A hearty, classic beef stew made with tender chuck roast, root vegetables, and a rich, savory broth — perfect for cozy dinners or make-ahead meals.
2 lbs beef chuck, cut into 1½-inch cubes
2 tbsp vegetable oil
Salt and black pepper
1 large yellow onion, chopped
3 cloves garlic, minced
2 tbsp tomato paste
4 cups beef broth (low sodium)
2 bay leaves
4 sprigs fresh thyme
3 carrots, peeled and sliced
3 Yukon gold potatoes, cubed
Optional: 1 tbsp Worcestershire sauce
Optional: 1 tbsp flour or cornstarch (to thicken)

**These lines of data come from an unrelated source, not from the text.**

(* Let $(\alpha,\beta)=(\alpha_0,\beta_0)\in\Delta_K$, $(\alpha_n,\beta_n)=T^n(\alpha,\beta)$, and $n\in\mathbb{Z}_{\ge0}$. Write $\varepsilon(\alpha_n,\beta_n)=(i',j')$ and let $k\in\{0,1,2\}$ be the unique element with $k\ne i'$, $k\ne j'$. Then $\varepsilon(\alpha_{n+1},\beta_{n+1})\neq(i',k)$ and $\varepsilon(\alpha_{n+1},\beta_{n+1})\neq(k,i')$. (Equivalently, the following 12 two-letter words never occur as $\varepsilon(\alpha_n,\beta_n)\varepsilon(\alpha_{n+1},\beta_{n+1})$: $(1,2)$ followed by $(0,1)$ or $(1,0)$; $(2,1)$ followed by $(0,2)$ or $(2,0)$; $(0,1)$ followed by $(0,2)$ or $(2,0)$; $(1,0)$ followed by $(1,2)$ or $(2,1)$; $(0,2)$ followed by $(0,1)$ or $(1,0)$; $(2,0)$ followed by $(1,2)$ or $(2,1)$.)
   Context: Let $K\subset\mathbb{R}$ be a real cubic number field, $N=N_{K/\mathbb{Q}}$ its norm. Fix $r=p/q$ with $p,q$ positive coprime integers and $3\nmid p$. Let $\Delta_K=\{(\alpha,\beta)\in K^2:\ 1,\alpha,\beta \text{ linearly independent over }\mathbb{Q},\ \alpha,\beta>0,\ \alpha+\beta<1\}$ and $Ind=\{(i,j): i,j\in\{0,1,2\},\ i\neq j\}$. Let $\Delta=\{(x,y)\in\mathbb{R}^2: x,y\ge 0,\ x+y\le 1\}$ and $\triangle(1,2)=\{(x,y)\in\Delta: x\ge y\}$, $\triangle(2,1)=\{x\le y\}$, $\triangle(0,1)=\{2x+y-1\le 0\}$, $\triangle(1,0)=\{2x+y-1\ge 0\}$, $\triangle(0,2)=\{x+2y-1\le0\}$, $\triangle(2,0)=\{x+2y-1\ge 0\}$ (all subsets of $\Delta$). Maps $T_{(i,j)}:\triangle(i,j)\to\Delta$: $T_{(1,2)}(x,y)=(\frac{x-y}{1-y},\frac{y}{1-y})$, $T_{(2,1)}(x,y)=(\frac{x}{1-x},\frac{y-x}{1-x})$, $T_{(0,1)}(x,y)=(\frac{x}{1-x},\frac{y}{1-x})$, $T_{(1,0)}(x,y)=(\frac{2x+y-1}{x+y},\frac{y}{x+y})$, $T_{(0,2)}(x,y)=(\frac{x}{1-y},\frac{y}{1-y})$, $T_{(2,0)}(x,y)=(\frac{x}{x+y},\frac{x+2y-1}{x+y})$. For $(\alpha,\beta)\in\Delta_K$ put $\gamma=1-\alpha-\beta$ and $v_{\{1,2\}}=\frac{\alpha^r\beta^r}{|N(\alpha)N(\beta)|}$, $v_{\{0,1\}}=\frac{\alpha^r\gamma^r}{|N(\alpha)N(\gamma)|}$, $v_{\{0,2\}}=\frac{\beta^r\gamma^r}{|N(\beta)N(\gamma)|}$; the maximum is attained at a unique pair $\{i_0,j_0\}$. $\varepsilon(\alpha,\beta)$ is the ordered pair $(i,j)\in Ind$ with $\{i,j\}=\{i_0,j_0\}$ and $(\alpha,\beta)\in\triangle(i,j)$, and $T(\alpha,\beta)=T_{\varepsilon(\alpha,\beta)}(\alpha,\beta)$ (a map $\Delta_K\to\Delta_K$). *)

From HB Require Import structures.
From mathcomp Require Import all_boot all_order all_algebra.
From mathcomp Require Import boolp classical_sets reals exp.
Set Implicit Arguments. Unset Strict Implicit. Unset Printing Implicit Defensive.
Import Order.TTheory GRing.Theory Num.Theory.
Local Open Scope ring_scope.

Section Defs.
Variable R : realType.

Definition qcomb (e : 'I_3 -> R) (c : 'I_3 -> rat) : R :=
  \sum_(i < 3) ratr (c i) * e i.

Definition cubic_field (K : set R) (e : 'I_3 -> R) : Prop :=
  [/\ (forall x, K x <-> exists c, x = qcomb e c),
      (forall c, qcomb e c = 0 -> forall i, c i = 0),
      K 1,
      (forall x y, K x -> K y -> K (x * y)) &
      (forall x, K x -> x != 0 -> K x^-1)].

(* coordinates of x in the basis e (chosen classically; unique when e is a basis
   and x is in the span) *)
Definition coords (e : 'I_3 -> R) (x : R) : 'I_3 -> rat :=
  match pselect (exists c, x = qcomb e c) with
  | left h => proj1_sig (cid h)
  | right _ => fun _ => 0
  end.

(* N_{K/Q}(a): determinant of the Q-linear map x |-> a x of K, in the basis e *)
Definition normK (e : 'I_3 -> R) (a : R) : rat :=
  \det (\matrix_(i < 3, j < 3) coords e (a * e i) j).

Definition DeltaK (K : set R) (a b : R) : Prop :=
  [/\ K a /\ K b,
      (forall x y z : rat, ratr x + ratr y * a + ratr z * b = 0 ->
         [/\ x = 0, y = 0 & z = 0]),
      0 < a, 0 < b & a + b < 1].

Definition Tij (ij : nat * nat) (p : R * R) : R * R :=
  let: (x, y) := p in
  match ij with
  | (1, 2)%N => ((x - y) / (1 - y), y / (1 - y))
  | (2, 1)%N => (x / (1 - x), (y - x) / (1 - x))
  | (0, 1)%N => (x / (1 - x), y / (1 - x))
  | (1, 0)%N => ((2 * x + y - 1) / (x + y), y / (x + y))
  | (0, 2)%N => (x / (1 - y), y / (1 - y))
  | (2, 0)%N => (x / (x + y), (x + 2 * y - 1) / (x + y))
  | _ => (x, y)
  end.

Variables (e : 'I_3 -> R) (r : R).

Definition vv (a b : R) : R :=
  powR a r * powR b r / `| ratr (normK e a * normK e b) |.

(* epsilon(alpha, beta): the unordered pair {i0,j0} maximizing v (unique by the
   paper; ties are broken arbitrarily here), then the order given by the
   triangle triangle(i,j) containing (alpha,beta) (boundaries never meet
   Delta_K). *)
Definition eps (p : R * R) : nat * nat :=
  let: (a, b) := p in
  let g := 1 - a - b in
  let v12 := vv a b in
  let v01 := vv a g in
  let v02 := vv b g in
  if (v01 <= v12) && (v02 <= v12) then
    (if b <= a then (1, 2)%N else (2, 1)%N)
  else if v02 <= v01 then
    (if 2 * a + b - 1 <= 0 then (0, 1)%N else (1, 0)%N)
  else
    (if a + 2 * b - 1 <= 0 then (0, 2)%N else (2, 0)%N).

Definition Tmap (p : R * R) : R * R := Tij (eps p) p.

End Defs.

From HB Require Import structures.
From mathcomp Require Import all_boot all_order all_algebra.
From mathcomp Require Import boolp classical_sets reals exp.
From mathcomp Require Import ring lra.
Set Implicit Arguments. Unset Strict Implicit. Unset Printing Implicit Defensive.
Import Order.TTheory GRing.Theory Num.Theory.
Local Open Scope ring_scope.

(* Write [x_0 = gamma], [x_1 = alpha], [x_2 = beta] and [w(x) = x^r / |N(x)|], so
   that [v_{ij} = w(x_i) w(x_j)].  The weight [w] is multiplicative on positive
   elements of [K], and injective there because [3] does not divide [p].  The map
   [T_(i,j)] replaces [x_i] by [x_i - x_j] and rescales all three coordinates by
   the same factor, so it multiplies [w(x_j)] and [w(x_k)] by a common positive
   number.  When [{i, j}] is the top pair, the remaining index [k] satisfies
   [w(x_k) < w(x_j)] (strictly, since [x_j <> x_k] by Q-independence); if the
   next top pair were [{i, k}], the same fact one step later would give the
   reverse inequality. *)

Section CubicField.
Variables (R : realType) (K : set R) (e : 'I_3 -> R).
Hypothesis cf : cubic_field K e.

Lemma qcombD c d : qcomb e c + qcomb e d = qcomb e (fun i => c i + d i).
Proof. by rewrite /qcomb -big_split; apply: eq_bigr => i _; rewrite rmorphD mulrDl. Qed.

Lemma qcombN c : - qcomb e c = qcomb e (fun i => - c i).
Proof. by rewrite /qcomb -sumrN; apply: eq_bigr => i _; rewrite rmorphN mulNr. Qed.

Lemma qcomb_inj c d : qcomb e c = qcomb e d -> c =1 d.
Proof.
case: cf => _ free _ _ _ cd i; apply/eqP; rewrite -subr_eq0; apply/eqP.
by apply: (free (fun i => c i - d i)); rewrite -qcombD -qcombN cd subrr.
Qed.

Lemma coordsP x : K x -> x = qcomb e (coords e x).
Proof.
by case: cf => spanK _ _ _ _ /spanK x_span; rewrite /coords; case: pselect => // h; case: cid.
Qed.

Lemma coordsE x c : x = qcomb e c -> coords e x =1 c.
Proof.
case: cf => spanK _ _ _ _ xc; apply: qcomb_inj.
by rewrite -xc -coordsP //; apply/spanK; exists c.
Qed.

Lemma K1 : K 1. Proof. by case: cf. Qed.
Lemma KM x y : K x -> K y -> K (x * y). Proof. by case: cf => _ _ _ + _; apply. Qed.
Lemma KV x : K x -> x != 0 -> K x^-1. Proof. by case: cf => _ _ _ _; apply. Qed.

Lemma KD x y : K x -> K y -> K (x + y).
Proof.
case: cf => spanK _ _ _ _ /spanK[c ->] /spanK[d ->]; apply/spanK.
by exists (fun i => c i + d i); rewrite qcombD.
Qed.

Lemma KN x : K x -> K (- x).
Proof.
by case: cf => spanK _ _ _ _ /spanK[c ->]; apply/spanK; exists (fun i => - c i); rewrite qcombN.
Qed.

Lemma KB x y : K x -> K y -> K (x - y).
Proof. by move=> Kx /KN; apply: KD. Qed.

Lemma Kbasis i : K (e i).
Proof.
case: cf => spanK _ _ _ _; apply/spanK; exists (fun j => (j == i)%:R).
rewrite /qcomb (bigD1 i) //= eqxx rmorph1 mul1r big1 ?addr0 // => j /negbTE ->.
by rewrite rmorph0 mul0r.
Qed.

(* Row [i] holds the coordinates of [a * e i]: multiplication by [a] acts on
   coordinate row vectors, hence the reversed product in [mulmx_ofM]. *)
Definition mulmx_of a := \matrix_(i < 3, j < 3) coords e (a * e i) j.

Lemma mulmx_ofE a i : K a -> a * e i = qcomb e (mulmx_of a i).
Proof.
move=> Ka; rewrite (coordsP (KM Ka (Kbasis i))) /qcomb.
by apply: eq_bigr => j _; rewrite mxE.
Qed.

Lemma mulmx_ofM a b : K a -> K b -> mulmx_of (a * b) = mulmx_of b *m mulmx_of a.
Proof.
move=> Ka Kb; apply/matrixP => i l; rewrite [LHS]mxE mxE.
apply: (coordsE (c := fun l => \sum_j mulmx_of b i j * mulmx_of a j l)).
rewrite -mulrA (mulmx_ofE i Kb) /qcomb mulr_sumr.
under eq_bigr => j _ do rewrite mulrCA (mulmx_ofE j Ka) /qcomb mulr_sumr.
rewrite exchange_big /=; apply: eq_bigr => k _.
by rewrite rmorph_sum mulr_suml; apply: eq_bigr => j _; rewrite rmorphM mulrA.
Qed.

Lemma normKM a b : K a -> K b -> normK e (a * b) = normK e a * normK e b.
Proof. by move=> Ka Kb; rewrite /normK -!/(mulmx_of _) mulmx_ofM // det_mulmx mulrC. Qed.

Lemma normK_rat (c : rat) : normK e (ratr c) = c ^+ 3.
Proof.
rewrite /normK -/(mulmx_of _) -det_scalar; congr (\det _); apply/matrixP => i j.
rewrite mxE; apply: (coordsE (c := fun j => (c%:M : 'M_3) i j)).
rewrite /qcomb (bigD1 i) //= mxE eqxx mulr1n big1 ?addr0 // => k /negbTE ki.
by rewrite mxE eq_sym ki mulr0n rmorph0 mul0r.
Qed.

Lemma normK1 : normK e 1 = 1.
Proof. by rewrite -(rmorph1 (ratr : rat -> R)) normK_rat expr1n. Qed.

Lemma normKX a n : K a -> normK e (a ^+ n) = normK e a ^+ n.
Proof.
move=> Ka; elim: n => [|n IHn]; first by rewrite !expr0 normK1.
have Kan : K (a ^+ n) by elim: n {IHn} => [|n]; rewrite ?expr0 ?exprS; [exact: K1 | exact: KM].
by rewrite !exprS normKM // IHn.
Qed.

Lemma normK_neq0 a : K a -> a != 0 -> normK e a != 0.
Proof.
move=> Ka a0; apply/eqP => Na0.
have := normKM Ka (KV Ka a0); rewrite mulfV // normK1 Na0 mul0r.
by apply/eqP; rewrite oner_eq0.
Qed.

End CubicField.

Section Weight.
Variables (R : realType) (K : set R) (e : 'I_3 -> R).
Hypothesis cf : cubic_field K e.
Variable r : R.

Definition weight x := powR x r / `| ratr (normK e x) |.

Lemma vv_weight a b : vv e r a b = weight a * weight b.
Proof. by rewrite /vv /weight rmorphM normrM invfM mulrACA. Qed.

Lemma weight_gt0 x : K x -> 0 < x -> 0 < weight x.
Proof.
move=> Kx x0; rewrite divr_gt0 ?powR_gt0 // normr_gt0 fmorph_eq0.
by rewrite (normK_neq0 cf Kx) // gt_eqF.
Qed.

Lemma weightM x y : K x -> K y -> 0 < x -> 0 < y -> weight (x * y) = weight x * weight y.
Proof.
move=> Kx Ky x0 y0; rewrite /weight (normKM cf Kx Ky) powRM ?ltW //.
by rewrite rmorphM normrM invfM mulrACA.
Qed.

End Weight.

Section WeightInjective.
Variables (R : realType) (K : set R) (e : 'I_3 -> R).
Hypothesis cf : cubic_field K e.
Variables p q : nat.
Hypotheses (p_gt0 : (0 < p)%N) (q_gt0 : (0 < q)%N) (p_not3 : ~~ (3 %| p)%N).
Local Notation weight := (weight e (p%:R / q%:R)).

(* [w(t) = 1] says [t^(p/q) = u] with [u = |N(t)|] rational, so [t^p = u^q];
   taking norms gives [u^p = u^(3q)], and as [3] does not divide [p], [u = 1]. *)
Lemma weight_eq1 t : K t -> 0 < t -> weight t = 1 -> t = 1.
Proof.
move=> Kt t0 wt1; pose u : rat := `|normK e t|.
have u0 : 0 < u by rewrite normr_gt0 (normK_neq0 cf Kt) // gt_eqF.
have tr : powR t (p%:R / q%:R) = ratr u.
  have : weight t * ratr u = ratr u by rewrite wt1 mul1r.
  by rewrite /weight /u ratr_norm divfK // -ratr_norm fmorph_eq0 gt_eqF.
have tp : t ^+ p = ratr (u ^+ q).
  have -> : ratr (u ^+ q) = powR t (p%:R / q%:R) ^+ q :> R by rewrite tr rmorphXn.
  rewrite -[RHS]powR_mulrn ?powR_ge0 // -powRrM divfK; last by rewrite pnatr_eq0 -lt0n.
  by rewrite powR_mulrn // ltW.
have up : u ^+ p = u ^+ (3 * q).
  have := congr1 (fun x => `|normK e x|) tp.
  rewrite /= (normKX cf _ Kt) (normK_rat cf) normrX => ->.
  by rewrite ger0_norm ?exprn_ge0 ?ltW // -exprM mulnC.
have [u1|u1] := eqVneq u 1.
  move: tp; rewrite u1 expr1n rmorph1 => /eqP; rewrite pexpr_eq1 ?ltW // -?lt0n //.
  by move/eqP.
by move: p_not3; rewrite (ieexprIn u0 u1 up) dvdn_mulr.
Qed.

Lemma weight_inj x y : K x -> K y -> 0 < x -> 0 < y -> weight x = weight y -> x = y.
Proof.
move=> Kx Ky x0 y0 wxy; have y_neq0 : y != 0 by rewrite gt_eqF.
have Kxy : K (x / y) by apply: (KM cf) => //; apply: (KV cf).
have xy0 : 0 < x / y by rewrite divr_gt0.
suff xy1 : x / y = 1 by rewrite -(divfK y_neq0 x) xy1 mul1r.
apply: weight_eq1 => //; apply: (mulIf (x := weight y)); first by rewrite gt_eqF // (weight_gt0 cf).
by rewrite mul1r -(weightM cf) // divfK.
Qed.

End WeightInjective.

Section Simplex.
Variable R : realFieldType.
Implicit Types (pt : R * R) (x y : nat -> R).

(* The coordinates [(gamma, alpha, beta)] of a point [(alpha, beta)], indexed
   as in [Ind]; the index [2] also covers every [l >= 2]. *)
Definition bary pt (l : nat) : R :=
  match l with 0 => 1 - pt.1 - pt.2 | 1 => pt.1 | _ => pt.2 end.

Lemma bary_lt1 pt l : (forall l, (l < 3)%N -> 0 < bary pt l) -> (l < 3)%N -> bary pt l < 1.
Proof.
move=> pos; have := pos 0%N isT; have := pos 1%N isT; have := pos 2%N isT.
by case: l => [|[|[|l]]] //= *; lra.
Qed.

Definition qfree x := forall c : nat -> rat,
  ratr (c 0%N) * x 0%N + ratr (c 1%N) * x 1%N + ratr (c 2%N) * x 2%N = 0 ->
  forall l, (l < 3)%N -> c l = 0.

Lemma qfree_ext x y : (forall l, (l < 3)%N -> x l = y l) -> qfree x -> qfree y.
Proof. by move=> xy fx c; rewrite -!xy //; apply: fx. Qed.

Lemma qfreeZ s x : s != 0 -> qfree x -> qfree (fun l => s * x l).
Proof. by move=> s0 fx c E; apply: fx; apply: (mulfI s0); rewrite mulr0 -E; ring. Qed.

Lemma qfree_transvection i j x : (i < 3)%N -> (j < 3)%N -> i != j -> qfree x ->
  qfree (fun l => x l - (l == i)%:R * x j).
Proof.
move=> i3 j3 ij fx c E; pose c' l := c l - (l == j)%:R * c i.
have c'0 : forall l, (l < 3)%N -> c' l = 0.
  apply: fx; rewrite -{}E /c'.
  by case: i j i3 j3 ij {c'} => [|[|[|i]]] [|[|[|j]]] //= _ _ _;
    rewrite !(rmorphB, rmorphM, rmorph_nat); ring.
have ci : c i = 0 by have := c'0 i i3; rewrite /c' (negbTE ij) mul0r subr0.
by move=> l l3; have := c'0 l l3; rewrite /c' ci mulr0 subr0.
Qed.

Fresh parsley, chopped (for garnish)
Heat oil in a Dutch oven over medium-high heat. Season beef and sear in batches until browned. Set aside.
Sauté onion in the same pot for 5–7 minutes. Add garlic and cook 1 minute more.
Stir in tomato paste and cook until darkened. Deglaze with broth or wine.
Return beef to pot. Add broth, bay leaves, thyme, and Worcestershire. Simmer, covered, 1½ to 2 hours.
Add carrots and potatoes. Simmer uncovered 30–40 minutes until vegetables are tender.
If desired, stir in thickener and simmer 10 more minutes.
Remove herbs. Adjust seasoning and garnish with parsley. Serve warm.